- [Exercise objective] In the entries that follow, find the line containing "apply/gen_ideal_unionr/det_cols_minor_gens => c."; from there, copy every line exactly through the line containing "have ne_ck : c".

- [Supplied data]
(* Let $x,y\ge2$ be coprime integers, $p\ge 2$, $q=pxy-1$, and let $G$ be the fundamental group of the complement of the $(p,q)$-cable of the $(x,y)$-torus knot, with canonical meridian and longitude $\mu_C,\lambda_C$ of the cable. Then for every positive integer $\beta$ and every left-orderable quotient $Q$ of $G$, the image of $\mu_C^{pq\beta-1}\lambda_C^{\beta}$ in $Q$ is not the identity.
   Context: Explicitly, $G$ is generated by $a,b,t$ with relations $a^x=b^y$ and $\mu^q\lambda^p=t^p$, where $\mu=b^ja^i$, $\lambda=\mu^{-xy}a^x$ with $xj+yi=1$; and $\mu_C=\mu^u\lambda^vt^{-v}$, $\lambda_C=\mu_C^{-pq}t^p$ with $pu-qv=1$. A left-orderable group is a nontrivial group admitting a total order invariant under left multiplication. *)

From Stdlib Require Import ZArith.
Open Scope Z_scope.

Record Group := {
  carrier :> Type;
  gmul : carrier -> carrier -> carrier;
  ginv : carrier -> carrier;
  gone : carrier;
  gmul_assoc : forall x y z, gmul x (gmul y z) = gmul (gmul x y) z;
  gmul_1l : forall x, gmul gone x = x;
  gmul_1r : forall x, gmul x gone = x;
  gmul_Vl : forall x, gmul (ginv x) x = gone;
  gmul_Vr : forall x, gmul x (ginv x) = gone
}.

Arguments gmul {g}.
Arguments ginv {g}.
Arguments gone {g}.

---

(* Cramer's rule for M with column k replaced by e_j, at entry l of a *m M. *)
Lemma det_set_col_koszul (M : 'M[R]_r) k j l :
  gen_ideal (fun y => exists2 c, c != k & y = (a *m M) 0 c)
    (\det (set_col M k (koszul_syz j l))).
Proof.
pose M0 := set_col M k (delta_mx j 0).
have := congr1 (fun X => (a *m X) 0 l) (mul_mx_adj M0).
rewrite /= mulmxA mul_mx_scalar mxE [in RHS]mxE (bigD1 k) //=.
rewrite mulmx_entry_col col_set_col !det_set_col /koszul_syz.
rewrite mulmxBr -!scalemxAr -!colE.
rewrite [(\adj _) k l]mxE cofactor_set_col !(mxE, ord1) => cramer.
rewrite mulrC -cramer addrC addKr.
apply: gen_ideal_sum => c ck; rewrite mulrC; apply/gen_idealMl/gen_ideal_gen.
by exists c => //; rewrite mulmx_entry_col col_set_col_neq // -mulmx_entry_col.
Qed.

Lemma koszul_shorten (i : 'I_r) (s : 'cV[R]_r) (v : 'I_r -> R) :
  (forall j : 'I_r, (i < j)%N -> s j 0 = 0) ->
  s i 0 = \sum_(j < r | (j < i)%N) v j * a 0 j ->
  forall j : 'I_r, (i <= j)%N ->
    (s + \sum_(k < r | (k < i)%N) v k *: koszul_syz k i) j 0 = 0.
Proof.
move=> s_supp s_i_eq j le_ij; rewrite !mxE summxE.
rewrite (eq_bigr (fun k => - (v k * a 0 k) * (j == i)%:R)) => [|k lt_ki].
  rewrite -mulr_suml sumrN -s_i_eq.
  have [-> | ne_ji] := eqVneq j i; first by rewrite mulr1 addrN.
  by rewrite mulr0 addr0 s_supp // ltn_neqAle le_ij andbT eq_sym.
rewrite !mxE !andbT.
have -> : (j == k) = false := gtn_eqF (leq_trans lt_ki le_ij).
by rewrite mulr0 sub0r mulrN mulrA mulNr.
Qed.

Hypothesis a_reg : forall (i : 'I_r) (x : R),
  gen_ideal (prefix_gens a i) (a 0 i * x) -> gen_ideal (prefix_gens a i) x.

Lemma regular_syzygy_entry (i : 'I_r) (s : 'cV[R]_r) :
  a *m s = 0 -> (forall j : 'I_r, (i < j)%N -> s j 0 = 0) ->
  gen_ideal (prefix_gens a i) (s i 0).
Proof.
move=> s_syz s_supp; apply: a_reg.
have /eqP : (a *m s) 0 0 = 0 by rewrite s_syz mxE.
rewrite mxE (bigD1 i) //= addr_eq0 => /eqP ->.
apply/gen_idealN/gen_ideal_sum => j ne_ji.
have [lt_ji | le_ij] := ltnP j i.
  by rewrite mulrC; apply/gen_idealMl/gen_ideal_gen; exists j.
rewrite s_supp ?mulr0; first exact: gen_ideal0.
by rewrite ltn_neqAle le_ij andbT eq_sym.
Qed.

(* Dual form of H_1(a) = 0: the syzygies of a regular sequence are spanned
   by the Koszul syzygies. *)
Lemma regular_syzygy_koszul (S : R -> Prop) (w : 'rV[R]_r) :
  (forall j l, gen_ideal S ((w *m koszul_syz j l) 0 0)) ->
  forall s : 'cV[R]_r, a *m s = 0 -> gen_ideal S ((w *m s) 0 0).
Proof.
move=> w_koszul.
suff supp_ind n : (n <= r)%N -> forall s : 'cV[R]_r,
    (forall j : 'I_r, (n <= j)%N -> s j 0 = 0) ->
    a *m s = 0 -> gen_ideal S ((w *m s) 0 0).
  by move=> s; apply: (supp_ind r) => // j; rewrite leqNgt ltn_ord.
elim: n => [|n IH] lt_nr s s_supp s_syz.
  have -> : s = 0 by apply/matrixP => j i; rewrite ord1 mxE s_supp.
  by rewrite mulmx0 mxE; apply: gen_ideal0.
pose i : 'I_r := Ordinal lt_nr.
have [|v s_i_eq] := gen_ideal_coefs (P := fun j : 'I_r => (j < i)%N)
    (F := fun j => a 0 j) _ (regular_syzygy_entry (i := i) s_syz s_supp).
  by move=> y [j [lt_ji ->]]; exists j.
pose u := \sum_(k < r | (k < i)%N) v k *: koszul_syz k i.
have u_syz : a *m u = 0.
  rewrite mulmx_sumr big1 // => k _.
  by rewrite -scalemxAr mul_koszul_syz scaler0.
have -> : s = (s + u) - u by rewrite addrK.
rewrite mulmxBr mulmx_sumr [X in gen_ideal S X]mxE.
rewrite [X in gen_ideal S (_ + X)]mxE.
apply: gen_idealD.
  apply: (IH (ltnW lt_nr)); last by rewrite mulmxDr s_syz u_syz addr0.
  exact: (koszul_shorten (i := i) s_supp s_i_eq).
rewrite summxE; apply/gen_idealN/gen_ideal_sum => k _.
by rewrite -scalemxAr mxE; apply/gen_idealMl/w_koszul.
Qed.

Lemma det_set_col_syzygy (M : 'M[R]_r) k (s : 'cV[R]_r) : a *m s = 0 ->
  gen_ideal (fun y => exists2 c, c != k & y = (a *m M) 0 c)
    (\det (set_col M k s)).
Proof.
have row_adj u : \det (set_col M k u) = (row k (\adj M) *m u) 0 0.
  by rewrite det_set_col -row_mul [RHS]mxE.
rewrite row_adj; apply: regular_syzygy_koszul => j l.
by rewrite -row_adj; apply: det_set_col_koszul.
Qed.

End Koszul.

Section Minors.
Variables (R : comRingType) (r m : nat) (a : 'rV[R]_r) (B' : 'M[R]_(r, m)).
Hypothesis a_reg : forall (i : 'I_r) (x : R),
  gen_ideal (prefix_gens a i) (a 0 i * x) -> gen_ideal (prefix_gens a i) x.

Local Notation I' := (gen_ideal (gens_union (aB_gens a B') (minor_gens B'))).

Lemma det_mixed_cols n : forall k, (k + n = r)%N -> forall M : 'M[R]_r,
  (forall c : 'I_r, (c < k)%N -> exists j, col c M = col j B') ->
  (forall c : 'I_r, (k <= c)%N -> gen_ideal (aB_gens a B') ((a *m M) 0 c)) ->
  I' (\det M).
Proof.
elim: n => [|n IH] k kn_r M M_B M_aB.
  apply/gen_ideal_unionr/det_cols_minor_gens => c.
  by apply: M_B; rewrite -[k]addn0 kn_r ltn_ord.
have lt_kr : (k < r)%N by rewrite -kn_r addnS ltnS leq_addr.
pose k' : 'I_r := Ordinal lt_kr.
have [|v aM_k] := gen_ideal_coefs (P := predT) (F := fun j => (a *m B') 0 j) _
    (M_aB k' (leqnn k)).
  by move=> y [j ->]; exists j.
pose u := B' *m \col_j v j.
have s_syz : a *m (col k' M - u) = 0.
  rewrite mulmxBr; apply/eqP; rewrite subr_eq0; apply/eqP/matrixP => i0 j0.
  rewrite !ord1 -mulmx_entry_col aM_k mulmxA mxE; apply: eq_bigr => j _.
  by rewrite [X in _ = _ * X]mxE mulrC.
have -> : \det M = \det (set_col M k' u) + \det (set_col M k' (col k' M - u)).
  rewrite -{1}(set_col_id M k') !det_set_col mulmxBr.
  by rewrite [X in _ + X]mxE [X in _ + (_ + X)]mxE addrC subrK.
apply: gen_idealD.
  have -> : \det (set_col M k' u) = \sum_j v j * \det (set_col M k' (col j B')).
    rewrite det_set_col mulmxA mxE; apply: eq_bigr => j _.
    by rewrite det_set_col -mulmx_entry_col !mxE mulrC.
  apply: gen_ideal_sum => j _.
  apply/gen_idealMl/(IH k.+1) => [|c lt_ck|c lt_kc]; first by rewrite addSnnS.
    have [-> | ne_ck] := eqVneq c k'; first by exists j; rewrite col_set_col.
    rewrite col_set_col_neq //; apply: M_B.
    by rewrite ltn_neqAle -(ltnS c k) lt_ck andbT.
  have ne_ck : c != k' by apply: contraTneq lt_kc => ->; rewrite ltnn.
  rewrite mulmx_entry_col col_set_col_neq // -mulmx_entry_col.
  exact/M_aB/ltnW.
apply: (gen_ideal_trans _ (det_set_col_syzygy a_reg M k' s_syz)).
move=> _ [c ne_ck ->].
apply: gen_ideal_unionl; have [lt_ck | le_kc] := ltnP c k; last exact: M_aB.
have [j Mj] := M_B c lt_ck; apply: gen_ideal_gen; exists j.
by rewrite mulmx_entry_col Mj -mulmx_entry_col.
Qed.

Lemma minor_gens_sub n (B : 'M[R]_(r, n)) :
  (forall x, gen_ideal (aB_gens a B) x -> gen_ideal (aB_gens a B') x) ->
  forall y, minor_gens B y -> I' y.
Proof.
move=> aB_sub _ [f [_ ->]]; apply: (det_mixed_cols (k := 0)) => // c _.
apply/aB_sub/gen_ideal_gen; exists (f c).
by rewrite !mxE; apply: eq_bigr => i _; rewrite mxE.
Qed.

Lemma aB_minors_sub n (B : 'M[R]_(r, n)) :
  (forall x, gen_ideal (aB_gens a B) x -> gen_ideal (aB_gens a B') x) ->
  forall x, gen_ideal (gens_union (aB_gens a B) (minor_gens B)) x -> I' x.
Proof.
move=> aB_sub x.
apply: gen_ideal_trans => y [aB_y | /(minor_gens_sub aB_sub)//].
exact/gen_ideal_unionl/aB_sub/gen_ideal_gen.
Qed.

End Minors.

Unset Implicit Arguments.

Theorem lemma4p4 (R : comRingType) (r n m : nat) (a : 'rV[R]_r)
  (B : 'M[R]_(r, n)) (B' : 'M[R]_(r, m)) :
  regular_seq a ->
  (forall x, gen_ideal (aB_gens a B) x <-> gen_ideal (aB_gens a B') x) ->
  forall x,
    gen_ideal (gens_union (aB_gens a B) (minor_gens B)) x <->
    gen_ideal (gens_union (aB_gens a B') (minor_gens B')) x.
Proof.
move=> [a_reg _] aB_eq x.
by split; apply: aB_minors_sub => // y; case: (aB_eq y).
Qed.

- [Output below]
  apply/gen_ideal_unionr/det_cols_minor_gens => c.
  by apply: M_B; rewrite -[k]addn0 kn_r ltn_ord.
have lt_kr : (k < r)%N by rewrite -kn_r addnS ltnS leq_addr.
pose k' : 'I_r := Ordinal lt_kr.
have [|v aM_k] := gen_ideal_coefs (P := predT) (F := fun j => (a *m B') 0 j) _
    (M_aB k' (leqnn k)).
  by move=> y [j ->]; exists j.
pose u := B' *m \col_j v j.
have s_syz : a *m (col k' M - u) = 0.
  rewrite mulmxBr; apply/eqP; rewrite subr_eq0; apply/eqP/matrixP => i0 j0.
  rewrite !ord1 -mulmx_entry_col aM_k mulmxA mxE; apply: eq_bigr => j _.
  by rewrite [X in _ = _ * X]mxE mulrC.
have -> : \det M = \det (set_col M k' u) + \det (set_col M k' (col k' M - u)).
  rewrite -{1}(set_col_id M k') !det_set_col mulmxBr.
  by rewrite [X in _ + X]mxE [X in _ + (_ + X)]mxE addrC subrK.
apply: gen_idealD.
  have -> : \det (set_col M k' u) = \sum_j v j * \det (set_col M k' (col j B')).
    rewrite det_set_col mulmxA mxE; apply: eq_bigr => j _.
    by rewrite det_set_col -mulmx_entry_col !mxE mulrC.
  apply: gen_ideal_sum => j _.
  apply/gen_idealMl/(IH k.+1) => [|c lt_ck|c lt_kc]; first by rewrite addSnnS.
    have [-> | ne_ck] := eqVneq c k'; first by exists j; rewrite col_set_col.
    rewrite col_set_col_neq //; apply: M_B.
    by rewrite ltn_neqAle -(ltnS c k) lt_ck andbT.
  have ne_ck : c != k' by apply: contraTneq lt_kc => ->; rewrite ltnn.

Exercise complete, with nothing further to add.